### Work request
Search term "fromB": please copy every line of the records below that contains it.
=== Data for analysis ===
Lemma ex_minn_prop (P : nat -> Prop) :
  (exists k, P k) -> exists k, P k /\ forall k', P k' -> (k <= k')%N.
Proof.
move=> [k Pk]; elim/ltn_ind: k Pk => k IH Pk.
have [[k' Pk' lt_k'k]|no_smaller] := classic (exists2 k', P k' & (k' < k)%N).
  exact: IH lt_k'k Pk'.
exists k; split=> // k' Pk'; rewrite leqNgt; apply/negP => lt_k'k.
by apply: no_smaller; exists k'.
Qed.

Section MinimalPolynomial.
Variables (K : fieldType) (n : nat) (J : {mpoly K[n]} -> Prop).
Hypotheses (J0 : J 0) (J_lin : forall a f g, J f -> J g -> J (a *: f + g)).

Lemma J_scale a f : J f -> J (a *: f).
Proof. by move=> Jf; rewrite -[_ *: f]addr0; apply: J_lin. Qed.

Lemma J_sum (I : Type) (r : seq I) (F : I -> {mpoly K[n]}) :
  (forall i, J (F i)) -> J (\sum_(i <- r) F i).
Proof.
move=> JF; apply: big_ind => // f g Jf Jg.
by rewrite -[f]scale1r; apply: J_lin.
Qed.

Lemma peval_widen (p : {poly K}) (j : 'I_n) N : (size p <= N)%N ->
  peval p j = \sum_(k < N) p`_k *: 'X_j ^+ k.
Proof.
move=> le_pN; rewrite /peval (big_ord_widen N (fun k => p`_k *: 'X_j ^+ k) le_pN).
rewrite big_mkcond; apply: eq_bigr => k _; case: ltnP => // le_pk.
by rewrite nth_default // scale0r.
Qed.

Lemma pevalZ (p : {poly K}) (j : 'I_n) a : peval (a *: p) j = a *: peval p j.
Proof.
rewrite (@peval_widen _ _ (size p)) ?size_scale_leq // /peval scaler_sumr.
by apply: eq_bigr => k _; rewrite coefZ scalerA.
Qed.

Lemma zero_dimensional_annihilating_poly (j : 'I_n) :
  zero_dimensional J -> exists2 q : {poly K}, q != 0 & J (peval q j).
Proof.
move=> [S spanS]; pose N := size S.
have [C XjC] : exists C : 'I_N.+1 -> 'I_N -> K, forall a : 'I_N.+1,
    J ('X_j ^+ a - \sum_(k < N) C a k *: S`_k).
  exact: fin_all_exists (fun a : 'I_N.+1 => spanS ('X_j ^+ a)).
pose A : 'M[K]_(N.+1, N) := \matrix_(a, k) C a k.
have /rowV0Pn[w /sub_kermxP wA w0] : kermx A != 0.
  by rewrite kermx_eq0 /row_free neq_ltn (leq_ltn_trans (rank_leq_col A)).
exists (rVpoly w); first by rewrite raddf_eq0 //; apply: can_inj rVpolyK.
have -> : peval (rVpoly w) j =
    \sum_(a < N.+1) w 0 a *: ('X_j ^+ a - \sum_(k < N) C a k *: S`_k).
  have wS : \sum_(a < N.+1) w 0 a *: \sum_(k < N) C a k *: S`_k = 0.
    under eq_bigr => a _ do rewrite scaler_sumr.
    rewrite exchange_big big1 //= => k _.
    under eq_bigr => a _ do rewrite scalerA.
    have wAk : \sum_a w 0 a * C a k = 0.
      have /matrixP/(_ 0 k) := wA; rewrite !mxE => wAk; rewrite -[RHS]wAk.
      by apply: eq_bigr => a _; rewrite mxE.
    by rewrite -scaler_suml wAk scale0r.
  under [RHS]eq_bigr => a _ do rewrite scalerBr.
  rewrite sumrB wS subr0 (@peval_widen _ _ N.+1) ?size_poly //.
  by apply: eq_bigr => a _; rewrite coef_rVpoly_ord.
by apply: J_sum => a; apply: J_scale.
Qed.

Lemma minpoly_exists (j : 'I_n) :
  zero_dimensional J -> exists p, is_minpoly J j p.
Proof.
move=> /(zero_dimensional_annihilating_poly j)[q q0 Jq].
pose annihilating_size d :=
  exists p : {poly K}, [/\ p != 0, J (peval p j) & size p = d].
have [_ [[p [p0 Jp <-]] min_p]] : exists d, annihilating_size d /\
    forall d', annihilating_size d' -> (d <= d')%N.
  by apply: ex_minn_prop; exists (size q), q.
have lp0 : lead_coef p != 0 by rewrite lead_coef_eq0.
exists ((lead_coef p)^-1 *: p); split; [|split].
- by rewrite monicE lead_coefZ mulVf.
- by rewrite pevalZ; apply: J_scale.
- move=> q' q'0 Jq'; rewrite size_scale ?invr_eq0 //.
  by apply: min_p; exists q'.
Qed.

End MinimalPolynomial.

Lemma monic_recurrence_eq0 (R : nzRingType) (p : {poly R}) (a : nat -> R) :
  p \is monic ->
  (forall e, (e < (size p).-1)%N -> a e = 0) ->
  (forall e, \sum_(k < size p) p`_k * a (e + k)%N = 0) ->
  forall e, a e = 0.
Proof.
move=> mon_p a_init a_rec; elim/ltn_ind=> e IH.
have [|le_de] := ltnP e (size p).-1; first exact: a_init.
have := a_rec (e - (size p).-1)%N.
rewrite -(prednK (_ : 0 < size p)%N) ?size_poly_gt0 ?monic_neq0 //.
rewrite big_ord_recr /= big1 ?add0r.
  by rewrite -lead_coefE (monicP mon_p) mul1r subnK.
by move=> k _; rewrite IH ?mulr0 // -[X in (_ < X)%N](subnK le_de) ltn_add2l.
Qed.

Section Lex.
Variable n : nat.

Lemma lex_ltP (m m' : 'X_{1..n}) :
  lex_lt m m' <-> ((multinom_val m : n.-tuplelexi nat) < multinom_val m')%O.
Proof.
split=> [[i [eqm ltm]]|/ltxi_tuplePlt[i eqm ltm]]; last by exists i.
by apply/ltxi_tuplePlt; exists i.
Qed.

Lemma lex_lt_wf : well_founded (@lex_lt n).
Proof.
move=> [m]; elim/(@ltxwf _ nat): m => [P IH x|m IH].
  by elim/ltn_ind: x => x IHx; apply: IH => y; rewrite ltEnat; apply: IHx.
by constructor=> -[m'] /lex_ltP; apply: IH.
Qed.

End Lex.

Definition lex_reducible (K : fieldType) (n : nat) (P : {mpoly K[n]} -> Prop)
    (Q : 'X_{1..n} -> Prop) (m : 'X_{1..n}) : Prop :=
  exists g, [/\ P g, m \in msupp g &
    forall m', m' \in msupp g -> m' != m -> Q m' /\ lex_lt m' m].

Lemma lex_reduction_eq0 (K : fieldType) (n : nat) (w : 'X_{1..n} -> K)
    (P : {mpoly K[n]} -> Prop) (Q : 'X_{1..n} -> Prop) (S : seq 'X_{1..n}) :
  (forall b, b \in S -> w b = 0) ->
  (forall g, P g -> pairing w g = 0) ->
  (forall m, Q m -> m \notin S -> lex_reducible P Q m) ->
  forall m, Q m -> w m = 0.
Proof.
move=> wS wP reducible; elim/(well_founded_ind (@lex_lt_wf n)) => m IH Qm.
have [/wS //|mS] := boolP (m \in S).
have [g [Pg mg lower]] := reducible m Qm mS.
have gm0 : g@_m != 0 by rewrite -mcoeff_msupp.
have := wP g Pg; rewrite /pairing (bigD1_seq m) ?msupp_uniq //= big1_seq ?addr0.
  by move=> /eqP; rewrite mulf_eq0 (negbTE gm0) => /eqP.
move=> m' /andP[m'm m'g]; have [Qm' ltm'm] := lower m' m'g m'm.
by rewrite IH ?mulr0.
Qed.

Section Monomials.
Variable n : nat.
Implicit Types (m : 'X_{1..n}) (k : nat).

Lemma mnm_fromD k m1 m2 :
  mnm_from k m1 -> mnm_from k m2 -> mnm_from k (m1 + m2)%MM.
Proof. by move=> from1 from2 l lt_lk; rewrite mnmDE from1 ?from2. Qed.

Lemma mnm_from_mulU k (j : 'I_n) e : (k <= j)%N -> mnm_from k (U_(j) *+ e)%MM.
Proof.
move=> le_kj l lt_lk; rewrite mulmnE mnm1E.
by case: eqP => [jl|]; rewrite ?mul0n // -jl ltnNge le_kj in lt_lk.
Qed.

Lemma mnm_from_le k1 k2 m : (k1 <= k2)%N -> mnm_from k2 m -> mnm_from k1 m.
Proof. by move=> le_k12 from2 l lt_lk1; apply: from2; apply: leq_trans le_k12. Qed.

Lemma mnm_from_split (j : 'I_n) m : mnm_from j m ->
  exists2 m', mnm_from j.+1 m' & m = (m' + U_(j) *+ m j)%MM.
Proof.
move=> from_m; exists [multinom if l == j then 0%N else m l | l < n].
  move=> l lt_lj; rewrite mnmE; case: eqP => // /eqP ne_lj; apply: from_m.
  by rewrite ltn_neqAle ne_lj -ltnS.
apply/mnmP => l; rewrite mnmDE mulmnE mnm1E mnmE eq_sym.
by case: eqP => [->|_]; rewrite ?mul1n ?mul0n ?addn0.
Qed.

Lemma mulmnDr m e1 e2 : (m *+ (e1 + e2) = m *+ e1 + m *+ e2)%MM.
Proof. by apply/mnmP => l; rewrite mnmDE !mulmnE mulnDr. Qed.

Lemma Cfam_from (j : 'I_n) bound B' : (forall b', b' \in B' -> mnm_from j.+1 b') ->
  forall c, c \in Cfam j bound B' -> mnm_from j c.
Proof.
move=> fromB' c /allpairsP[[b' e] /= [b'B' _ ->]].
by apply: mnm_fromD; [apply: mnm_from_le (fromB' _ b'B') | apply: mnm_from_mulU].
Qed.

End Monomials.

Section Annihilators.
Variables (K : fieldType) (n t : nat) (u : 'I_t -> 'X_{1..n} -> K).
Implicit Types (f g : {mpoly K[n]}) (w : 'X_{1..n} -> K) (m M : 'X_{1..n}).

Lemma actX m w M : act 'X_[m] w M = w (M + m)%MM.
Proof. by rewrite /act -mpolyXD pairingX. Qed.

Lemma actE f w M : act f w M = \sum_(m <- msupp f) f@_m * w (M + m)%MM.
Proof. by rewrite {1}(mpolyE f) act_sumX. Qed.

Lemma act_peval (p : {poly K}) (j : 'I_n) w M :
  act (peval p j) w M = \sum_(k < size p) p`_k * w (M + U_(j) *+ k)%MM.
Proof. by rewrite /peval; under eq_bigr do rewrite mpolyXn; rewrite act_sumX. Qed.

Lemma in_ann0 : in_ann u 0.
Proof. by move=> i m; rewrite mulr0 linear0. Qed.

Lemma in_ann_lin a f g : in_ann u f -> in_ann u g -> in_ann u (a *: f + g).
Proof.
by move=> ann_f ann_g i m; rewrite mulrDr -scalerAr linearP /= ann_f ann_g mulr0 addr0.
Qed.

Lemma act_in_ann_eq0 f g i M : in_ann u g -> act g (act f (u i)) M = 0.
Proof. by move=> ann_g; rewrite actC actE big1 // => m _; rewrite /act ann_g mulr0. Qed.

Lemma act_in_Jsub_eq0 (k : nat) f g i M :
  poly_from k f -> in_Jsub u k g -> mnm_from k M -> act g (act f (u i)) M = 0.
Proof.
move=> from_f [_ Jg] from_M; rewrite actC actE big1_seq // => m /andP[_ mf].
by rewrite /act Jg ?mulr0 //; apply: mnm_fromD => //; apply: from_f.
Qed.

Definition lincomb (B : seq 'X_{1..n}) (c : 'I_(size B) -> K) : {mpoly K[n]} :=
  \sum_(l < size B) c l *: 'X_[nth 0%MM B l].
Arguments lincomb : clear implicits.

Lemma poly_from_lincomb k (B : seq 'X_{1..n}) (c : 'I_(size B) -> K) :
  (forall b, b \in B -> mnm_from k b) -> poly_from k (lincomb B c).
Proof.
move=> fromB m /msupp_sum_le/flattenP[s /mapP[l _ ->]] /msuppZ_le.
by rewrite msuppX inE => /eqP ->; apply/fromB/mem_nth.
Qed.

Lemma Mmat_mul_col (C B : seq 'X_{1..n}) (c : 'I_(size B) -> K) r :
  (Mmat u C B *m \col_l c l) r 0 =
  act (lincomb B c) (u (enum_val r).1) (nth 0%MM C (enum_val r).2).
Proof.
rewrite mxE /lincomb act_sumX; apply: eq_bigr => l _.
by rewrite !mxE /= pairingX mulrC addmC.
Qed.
===
=== Data for analysis ===
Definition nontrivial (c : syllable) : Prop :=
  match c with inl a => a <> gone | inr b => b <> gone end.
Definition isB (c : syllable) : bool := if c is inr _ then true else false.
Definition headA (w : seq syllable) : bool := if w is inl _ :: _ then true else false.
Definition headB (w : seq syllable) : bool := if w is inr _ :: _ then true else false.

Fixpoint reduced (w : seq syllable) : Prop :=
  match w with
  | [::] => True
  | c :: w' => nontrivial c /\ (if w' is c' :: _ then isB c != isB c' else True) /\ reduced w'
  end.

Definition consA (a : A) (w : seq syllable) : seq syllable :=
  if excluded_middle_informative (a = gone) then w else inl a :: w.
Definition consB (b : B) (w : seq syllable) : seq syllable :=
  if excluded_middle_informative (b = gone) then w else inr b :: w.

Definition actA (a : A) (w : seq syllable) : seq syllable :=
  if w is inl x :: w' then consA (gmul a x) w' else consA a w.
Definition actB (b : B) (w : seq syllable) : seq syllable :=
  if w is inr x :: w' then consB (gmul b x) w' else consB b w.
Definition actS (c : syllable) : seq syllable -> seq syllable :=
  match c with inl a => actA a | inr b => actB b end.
===
### Response for this exercise
move=> fromB' c /allpairsP[[b' e] /= [b'B' _ ->]].
by apply: mnm_fromD; [apply: mnm_from_le (fromB' _ b'B') | apply: mnm_from_mulU].
move=> fromB m /msupp_sum_le/flattenP[s /mapP[l _ ->]] /msuppZ_le.
by rewrite msuppX inE => /eqP ->; apply/fromB/mem_nth.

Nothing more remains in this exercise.